# [Supplied records]

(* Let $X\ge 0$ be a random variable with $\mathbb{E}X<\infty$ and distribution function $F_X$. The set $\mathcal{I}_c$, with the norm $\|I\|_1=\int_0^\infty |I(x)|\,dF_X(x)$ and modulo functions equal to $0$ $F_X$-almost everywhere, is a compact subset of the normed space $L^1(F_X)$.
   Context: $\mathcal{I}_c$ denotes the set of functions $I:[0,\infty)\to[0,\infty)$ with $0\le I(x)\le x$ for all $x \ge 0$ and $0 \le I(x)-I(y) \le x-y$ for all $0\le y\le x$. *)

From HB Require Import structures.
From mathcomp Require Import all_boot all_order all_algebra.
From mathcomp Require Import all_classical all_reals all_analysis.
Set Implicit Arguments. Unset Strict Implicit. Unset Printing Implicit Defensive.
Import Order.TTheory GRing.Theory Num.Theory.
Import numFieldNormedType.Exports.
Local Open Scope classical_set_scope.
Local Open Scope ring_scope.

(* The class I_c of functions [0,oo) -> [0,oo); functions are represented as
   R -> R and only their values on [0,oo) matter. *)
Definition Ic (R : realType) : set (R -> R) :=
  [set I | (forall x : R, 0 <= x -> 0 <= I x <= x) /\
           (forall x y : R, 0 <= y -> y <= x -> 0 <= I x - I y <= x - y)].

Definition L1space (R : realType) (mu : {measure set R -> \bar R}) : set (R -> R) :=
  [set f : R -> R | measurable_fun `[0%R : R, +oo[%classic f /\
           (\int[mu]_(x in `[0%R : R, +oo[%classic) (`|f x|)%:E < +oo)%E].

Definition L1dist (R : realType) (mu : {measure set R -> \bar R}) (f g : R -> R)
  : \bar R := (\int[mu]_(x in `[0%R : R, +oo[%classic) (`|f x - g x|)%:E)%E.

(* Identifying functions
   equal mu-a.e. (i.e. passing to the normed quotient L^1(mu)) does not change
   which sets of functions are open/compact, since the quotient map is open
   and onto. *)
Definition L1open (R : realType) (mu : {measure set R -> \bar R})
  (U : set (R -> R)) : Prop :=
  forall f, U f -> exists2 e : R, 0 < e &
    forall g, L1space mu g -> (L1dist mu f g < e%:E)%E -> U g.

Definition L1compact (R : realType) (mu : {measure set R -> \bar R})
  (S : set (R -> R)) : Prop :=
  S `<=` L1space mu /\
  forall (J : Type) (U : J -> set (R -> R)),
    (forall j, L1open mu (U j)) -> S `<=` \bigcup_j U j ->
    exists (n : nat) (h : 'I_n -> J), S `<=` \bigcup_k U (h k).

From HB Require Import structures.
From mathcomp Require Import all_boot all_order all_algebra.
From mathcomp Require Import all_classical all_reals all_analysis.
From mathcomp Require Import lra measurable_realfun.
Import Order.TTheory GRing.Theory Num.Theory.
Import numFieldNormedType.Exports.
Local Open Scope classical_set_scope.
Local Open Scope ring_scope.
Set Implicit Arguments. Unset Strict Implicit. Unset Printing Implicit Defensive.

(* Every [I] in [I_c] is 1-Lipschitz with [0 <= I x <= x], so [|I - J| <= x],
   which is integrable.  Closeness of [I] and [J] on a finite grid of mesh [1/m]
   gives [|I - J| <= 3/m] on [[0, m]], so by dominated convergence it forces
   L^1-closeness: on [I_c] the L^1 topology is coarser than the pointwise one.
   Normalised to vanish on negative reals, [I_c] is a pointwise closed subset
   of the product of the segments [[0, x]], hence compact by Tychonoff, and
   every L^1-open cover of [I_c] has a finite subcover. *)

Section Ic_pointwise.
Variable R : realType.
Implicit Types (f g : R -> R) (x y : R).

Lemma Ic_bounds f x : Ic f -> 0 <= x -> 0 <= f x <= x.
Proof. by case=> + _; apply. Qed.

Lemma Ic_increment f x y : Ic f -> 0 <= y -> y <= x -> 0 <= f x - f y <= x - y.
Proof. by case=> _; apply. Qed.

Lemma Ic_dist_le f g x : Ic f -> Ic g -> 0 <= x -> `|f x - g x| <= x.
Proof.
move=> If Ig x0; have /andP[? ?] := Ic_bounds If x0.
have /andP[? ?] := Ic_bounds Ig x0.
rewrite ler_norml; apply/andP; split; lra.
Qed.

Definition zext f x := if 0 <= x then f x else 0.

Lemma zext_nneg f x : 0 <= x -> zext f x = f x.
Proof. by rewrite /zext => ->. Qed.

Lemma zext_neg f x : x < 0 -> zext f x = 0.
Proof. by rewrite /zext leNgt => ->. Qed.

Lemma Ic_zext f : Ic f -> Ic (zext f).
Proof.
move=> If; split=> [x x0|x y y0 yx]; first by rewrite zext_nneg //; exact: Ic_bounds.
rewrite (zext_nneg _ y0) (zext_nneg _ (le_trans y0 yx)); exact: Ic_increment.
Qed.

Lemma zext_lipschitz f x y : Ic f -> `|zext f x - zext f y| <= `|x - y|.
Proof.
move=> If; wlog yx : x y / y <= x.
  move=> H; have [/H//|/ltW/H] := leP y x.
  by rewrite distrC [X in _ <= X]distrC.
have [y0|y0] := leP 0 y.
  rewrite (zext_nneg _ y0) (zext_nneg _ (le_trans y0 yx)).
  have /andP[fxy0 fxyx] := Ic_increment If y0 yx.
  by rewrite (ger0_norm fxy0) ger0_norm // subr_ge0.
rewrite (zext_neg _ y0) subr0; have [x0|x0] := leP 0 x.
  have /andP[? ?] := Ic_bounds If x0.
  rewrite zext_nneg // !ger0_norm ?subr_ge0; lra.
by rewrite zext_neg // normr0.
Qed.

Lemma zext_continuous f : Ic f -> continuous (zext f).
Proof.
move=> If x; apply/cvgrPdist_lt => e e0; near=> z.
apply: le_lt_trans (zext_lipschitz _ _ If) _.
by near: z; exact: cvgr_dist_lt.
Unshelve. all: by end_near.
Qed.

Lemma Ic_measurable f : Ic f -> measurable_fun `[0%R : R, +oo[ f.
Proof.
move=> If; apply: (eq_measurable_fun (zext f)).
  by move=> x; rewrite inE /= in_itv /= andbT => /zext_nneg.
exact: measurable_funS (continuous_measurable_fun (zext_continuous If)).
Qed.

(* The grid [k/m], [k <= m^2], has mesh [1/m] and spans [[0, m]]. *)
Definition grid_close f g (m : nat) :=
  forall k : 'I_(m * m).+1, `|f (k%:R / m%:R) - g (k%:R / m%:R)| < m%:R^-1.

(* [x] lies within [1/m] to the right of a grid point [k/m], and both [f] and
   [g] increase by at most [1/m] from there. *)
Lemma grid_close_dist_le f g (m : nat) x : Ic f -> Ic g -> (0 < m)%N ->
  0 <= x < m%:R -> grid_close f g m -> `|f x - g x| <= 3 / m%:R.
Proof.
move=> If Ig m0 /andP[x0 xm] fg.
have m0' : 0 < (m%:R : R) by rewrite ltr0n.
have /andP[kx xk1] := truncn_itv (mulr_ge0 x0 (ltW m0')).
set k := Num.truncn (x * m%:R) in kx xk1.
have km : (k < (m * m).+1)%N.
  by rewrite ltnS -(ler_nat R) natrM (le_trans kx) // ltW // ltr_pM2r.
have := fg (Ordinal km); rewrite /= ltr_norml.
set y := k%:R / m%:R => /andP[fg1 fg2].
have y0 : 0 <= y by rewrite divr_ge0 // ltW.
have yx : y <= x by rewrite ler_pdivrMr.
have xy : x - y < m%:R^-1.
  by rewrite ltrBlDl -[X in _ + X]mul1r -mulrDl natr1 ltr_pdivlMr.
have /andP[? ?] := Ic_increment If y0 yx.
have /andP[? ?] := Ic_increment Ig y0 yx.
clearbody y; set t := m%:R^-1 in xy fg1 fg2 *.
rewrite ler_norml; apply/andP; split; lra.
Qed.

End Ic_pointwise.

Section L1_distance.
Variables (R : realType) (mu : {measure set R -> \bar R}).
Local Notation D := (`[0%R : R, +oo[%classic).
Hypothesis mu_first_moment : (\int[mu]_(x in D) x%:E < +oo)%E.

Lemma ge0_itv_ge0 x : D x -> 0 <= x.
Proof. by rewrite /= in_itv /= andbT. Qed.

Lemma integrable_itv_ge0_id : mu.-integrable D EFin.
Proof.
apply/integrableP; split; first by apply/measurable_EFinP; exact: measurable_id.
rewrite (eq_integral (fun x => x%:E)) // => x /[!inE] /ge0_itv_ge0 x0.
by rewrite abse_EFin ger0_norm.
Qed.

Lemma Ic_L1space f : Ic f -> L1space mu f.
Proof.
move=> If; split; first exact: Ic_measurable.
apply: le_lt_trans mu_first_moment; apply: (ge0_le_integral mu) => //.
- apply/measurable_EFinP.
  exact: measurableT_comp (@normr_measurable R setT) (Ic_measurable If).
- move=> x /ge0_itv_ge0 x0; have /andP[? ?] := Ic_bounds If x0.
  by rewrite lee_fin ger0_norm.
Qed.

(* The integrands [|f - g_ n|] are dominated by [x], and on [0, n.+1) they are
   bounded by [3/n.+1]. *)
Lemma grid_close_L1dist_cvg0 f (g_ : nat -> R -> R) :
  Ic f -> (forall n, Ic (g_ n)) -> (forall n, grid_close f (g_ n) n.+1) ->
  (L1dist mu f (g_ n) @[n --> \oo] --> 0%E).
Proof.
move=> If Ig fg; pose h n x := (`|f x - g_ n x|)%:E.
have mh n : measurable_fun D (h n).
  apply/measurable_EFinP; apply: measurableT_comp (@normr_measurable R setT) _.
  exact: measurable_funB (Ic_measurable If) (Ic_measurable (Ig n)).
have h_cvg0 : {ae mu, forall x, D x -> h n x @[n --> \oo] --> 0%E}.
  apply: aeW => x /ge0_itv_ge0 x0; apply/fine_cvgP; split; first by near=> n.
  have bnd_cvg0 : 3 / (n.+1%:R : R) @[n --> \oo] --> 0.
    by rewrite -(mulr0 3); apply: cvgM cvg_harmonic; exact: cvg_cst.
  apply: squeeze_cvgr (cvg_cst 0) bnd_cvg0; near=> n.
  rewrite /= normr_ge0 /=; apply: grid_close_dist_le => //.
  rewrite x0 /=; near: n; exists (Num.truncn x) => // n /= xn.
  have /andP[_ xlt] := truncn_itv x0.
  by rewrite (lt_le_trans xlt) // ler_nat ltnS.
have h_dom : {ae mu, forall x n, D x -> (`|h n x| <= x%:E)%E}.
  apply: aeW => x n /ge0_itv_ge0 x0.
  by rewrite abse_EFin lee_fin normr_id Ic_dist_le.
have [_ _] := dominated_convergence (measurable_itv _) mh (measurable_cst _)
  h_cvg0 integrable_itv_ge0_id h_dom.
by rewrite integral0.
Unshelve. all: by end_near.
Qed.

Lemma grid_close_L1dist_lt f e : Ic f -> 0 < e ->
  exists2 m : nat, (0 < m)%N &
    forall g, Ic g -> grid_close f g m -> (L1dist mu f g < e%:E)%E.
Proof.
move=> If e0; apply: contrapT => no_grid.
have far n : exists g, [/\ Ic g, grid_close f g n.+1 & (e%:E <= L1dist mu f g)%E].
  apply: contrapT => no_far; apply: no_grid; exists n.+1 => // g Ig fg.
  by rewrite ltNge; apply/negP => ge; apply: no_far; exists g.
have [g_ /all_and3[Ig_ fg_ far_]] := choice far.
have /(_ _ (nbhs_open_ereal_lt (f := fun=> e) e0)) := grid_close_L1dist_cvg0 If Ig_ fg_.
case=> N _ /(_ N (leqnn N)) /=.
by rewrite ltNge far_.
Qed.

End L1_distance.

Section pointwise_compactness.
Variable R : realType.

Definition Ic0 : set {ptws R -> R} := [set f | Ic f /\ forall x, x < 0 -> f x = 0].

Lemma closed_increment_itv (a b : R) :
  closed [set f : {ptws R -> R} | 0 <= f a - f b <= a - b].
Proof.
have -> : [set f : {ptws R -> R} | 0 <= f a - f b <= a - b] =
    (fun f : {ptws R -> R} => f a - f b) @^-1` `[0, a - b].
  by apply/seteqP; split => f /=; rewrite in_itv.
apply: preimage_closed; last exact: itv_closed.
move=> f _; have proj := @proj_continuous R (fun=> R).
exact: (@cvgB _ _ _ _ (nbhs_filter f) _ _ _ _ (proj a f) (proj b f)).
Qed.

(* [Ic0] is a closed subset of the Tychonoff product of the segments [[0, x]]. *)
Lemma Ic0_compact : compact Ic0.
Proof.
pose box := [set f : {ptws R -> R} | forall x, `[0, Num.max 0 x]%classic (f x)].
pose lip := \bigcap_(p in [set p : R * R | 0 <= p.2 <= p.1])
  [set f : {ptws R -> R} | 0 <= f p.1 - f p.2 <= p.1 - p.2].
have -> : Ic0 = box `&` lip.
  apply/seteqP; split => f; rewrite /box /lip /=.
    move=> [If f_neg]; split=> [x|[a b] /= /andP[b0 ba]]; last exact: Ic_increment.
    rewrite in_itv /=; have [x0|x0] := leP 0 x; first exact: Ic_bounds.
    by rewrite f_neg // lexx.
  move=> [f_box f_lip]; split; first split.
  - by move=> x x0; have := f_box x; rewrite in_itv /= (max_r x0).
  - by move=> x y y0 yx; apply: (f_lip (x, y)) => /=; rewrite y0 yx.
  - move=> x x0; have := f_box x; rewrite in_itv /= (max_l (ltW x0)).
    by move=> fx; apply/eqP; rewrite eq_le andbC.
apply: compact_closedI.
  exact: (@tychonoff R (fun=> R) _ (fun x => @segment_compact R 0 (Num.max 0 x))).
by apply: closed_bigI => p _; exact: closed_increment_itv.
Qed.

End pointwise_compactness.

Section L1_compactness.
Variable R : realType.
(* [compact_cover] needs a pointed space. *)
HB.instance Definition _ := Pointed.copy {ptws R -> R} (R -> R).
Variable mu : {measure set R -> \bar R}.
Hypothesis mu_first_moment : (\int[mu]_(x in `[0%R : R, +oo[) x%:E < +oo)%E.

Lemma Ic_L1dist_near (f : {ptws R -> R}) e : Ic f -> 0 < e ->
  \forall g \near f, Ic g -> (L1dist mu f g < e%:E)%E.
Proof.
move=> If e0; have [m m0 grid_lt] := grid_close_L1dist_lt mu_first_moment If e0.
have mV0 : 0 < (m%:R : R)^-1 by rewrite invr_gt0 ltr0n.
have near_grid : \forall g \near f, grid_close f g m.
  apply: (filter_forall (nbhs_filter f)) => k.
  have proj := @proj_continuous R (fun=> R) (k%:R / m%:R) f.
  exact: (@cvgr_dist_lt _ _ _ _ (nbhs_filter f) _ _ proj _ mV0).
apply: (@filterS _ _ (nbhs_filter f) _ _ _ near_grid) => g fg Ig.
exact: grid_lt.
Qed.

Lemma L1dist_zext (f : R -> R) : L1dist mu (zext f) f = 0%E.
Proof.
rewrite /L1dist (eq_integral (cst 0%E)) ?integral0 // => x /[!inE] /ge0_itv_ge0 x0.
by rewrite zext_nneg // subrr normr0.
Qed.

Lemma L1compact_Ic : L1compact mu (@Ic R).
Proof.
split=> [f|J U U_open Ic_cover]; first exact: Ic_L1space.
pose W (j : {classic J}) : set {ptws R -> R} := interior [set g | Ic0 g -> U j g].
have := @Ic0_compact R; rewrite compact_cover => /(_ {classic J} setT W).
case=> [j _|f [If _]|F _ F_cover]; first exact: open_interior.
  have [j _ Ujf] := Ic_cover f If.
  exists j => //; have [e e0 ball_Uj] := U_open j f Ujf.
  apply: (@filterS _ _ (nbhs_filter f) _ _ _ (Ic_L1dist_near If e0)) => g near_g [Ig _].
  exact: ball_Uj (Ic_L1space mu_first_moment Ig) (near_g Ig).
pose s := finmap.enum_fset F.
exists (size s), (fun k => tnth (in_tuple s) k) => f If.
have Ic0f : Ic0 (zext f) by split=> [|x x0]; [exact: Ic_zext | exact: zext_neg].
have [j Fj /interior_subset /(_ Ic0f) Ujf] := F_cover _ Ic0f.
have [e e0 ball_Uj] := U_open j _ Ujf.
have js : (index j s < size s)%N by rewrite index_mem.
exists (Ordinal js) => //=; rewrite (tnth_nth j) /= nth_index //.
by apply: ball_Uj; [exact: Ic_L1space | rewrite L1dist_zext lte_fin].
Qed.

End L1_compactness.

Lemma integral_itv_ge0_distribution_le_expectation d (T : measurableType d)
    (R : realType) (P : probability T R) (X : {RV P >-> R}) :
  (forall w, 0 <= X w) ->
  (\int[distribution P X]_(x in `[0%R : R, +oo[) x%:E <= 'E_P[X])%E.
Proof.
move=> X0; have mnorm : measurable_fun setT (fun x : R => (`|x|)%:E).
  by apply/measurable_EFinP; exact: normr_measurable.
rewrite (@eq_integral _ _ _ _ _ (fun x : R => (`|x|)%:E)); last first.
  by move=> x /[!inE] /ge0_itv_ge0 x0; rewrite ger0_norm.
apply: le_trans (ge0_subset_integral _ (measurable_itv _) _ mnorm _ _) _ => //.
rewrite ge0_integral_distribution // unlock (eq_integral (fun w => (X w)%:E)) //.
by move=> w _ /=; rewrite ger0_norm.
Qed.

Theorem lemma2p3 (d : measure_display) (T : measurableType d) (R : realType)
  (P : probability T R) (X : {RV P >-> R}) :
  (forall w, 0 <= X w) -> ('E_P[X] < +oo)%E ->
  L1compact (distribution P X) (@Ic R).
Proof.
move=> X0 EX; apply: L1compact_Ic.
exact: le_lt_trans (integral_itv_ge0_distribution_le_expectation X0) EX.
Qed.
==
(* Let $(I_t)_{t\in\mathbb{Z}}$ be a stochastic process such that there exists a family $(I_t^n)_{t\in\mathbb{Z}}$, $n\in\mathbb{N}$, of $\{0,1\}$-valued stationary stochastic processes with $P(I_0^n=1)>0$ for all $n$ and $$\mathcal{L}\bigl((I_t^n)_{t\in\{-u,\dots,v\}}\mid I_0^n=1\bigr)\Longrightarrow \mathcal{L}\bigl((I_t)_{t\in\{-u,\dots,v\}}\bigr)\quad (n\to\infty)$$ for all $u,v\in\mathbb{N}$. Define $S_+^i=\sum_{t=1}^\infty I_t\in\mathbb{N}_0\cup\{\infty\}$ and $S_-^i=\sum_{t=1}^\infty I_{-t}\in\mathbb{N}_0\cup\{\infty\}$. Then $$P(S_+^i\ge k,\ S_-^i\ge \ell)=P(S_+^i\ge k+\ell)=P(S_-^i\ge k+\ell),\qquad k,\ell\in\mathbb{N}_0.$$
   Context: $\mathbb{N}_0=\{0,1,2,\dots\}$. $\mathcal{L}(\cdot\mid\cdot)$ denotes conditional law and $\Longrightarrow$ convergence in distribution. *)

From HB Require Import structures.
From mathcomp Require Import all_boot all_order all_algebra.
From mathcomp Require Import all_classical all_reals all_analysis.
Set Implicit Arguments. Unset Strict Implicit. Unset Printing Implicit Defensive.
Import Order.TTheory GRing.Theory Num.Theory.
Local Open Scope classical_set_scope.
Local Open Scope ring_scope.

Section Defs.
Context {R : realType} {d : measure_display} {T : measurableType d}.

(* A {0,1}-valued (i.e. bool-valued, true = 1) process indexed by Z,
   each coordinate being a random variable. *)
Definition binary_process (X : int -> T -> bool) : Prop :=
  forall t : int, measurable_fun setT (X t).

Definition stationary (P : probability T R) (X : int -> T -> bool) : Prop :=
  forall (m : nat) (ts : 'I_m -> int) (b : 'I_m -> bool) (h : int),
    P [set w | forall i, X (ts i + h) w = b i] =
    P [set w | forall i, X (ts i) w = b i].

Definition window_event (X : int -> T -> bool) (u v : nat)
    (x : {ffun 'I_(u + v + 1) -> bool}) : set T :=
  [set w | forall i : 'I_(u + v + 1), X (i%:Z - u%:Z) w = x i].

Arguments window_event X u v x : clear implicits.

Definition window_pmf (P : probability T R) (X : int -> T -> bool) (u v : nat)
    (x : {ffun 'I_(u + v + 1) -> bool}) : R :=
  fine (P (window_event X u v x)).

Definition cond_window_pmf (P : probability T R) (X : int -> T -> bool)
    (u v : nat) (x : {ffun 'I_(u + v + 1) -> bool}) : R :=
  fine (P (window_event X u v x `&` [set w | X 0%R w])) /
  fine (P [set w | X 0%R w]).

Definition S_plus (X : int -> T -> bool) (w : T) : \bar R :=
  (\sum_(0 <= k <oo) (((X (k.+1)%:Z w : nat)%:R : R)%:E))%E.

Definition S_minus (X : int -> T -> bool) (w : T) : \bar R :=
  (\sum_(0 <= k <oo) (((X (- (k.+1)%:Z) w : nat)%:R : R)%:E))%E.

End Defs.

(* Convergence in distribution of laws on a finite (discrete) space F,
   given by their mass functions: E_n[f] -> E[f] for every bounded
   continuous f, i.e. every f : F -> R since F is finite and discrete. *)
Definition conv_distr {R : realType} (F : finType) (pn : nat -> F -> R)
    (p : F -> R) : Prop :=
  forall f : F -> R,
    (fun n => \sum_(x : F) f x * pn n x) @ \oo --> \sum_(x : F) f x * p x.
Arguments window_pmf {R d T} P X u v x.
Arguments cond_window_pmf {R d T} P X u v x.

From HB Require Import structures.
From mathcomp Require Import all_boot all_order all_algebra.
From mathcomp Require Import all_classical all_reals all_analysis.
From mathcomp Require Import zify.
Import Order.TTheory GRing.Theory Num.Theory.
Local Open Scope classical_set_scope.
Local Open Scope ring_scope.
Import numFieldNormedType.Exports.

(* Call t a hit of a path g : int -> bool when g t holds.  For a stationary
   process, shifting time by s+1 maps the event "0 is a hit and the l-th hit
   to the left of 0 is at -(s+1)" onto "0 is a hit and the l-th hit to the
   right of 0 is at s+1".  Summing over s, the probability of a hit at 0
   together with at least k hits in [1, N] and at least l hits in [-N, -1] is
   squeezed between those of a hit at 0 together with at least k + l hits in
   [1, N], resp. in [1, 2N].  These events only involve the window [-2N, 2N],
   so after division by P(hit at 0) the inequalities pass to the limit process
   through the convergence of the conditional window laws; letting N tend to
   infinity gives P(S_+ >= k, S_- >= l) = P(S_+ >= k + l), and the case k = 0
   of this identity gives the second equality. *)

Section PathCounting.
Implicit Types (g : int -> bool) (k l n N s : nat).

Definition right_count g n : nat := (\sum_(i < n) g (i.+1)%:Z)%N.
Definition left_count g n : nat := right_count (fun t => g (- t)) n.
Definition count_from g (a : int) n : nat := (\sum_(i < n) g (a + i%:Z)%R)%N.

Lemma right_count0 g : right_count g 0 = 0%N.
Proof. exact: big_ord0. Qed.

# [What the task requires]
With the first line being the one containing "by move=> fx;" and the last line the one containing "have near_grid : \forall", transcribe exactly the lines above that fall in that range.

# [Output for this task]
    by move=> fx; apply/eqP; rewrite eq_le andbC.
apply: compact_closedI.
  exact: (@tychonoff R (fun=> R) _ (fun x => @segment_compact R 0 (Num.max 0 x))).
by apply: closed_bigI => p _; exact: closed_increment_itv.
Qed.

End pointwise_compactness.

Section L1_compactness.
Variable R : realType.
(* [compact_cover] needs a pointed space. *)
HB.instance Definition _ := Pointed.copy {ptws R -> R} (R -> R).
Variable mu : {measure set R -> \bar R}.
Hypothesis mu_first_moment : (\int[mu]_(x in `[0%R : R, +oo[) x%:E < +oo)%E.

Lemma Ic_L1dist_near (f : {ptws R -> R}) e : Ic f -> 0 < e ->
  \forall g \near f, Ic g -> (L1dist mu f g < e%:E)%E.
Proof.
move=> If e0; have [m m0 grid_lt] := grid_close_L1dist_lt mu_first_moment If e0.
have mV0 : 0 < (m%:R : R)^-1 by rewrite invr_gt0 ltr0n.
have near_grid : \forall g \near f, grid_close f g m.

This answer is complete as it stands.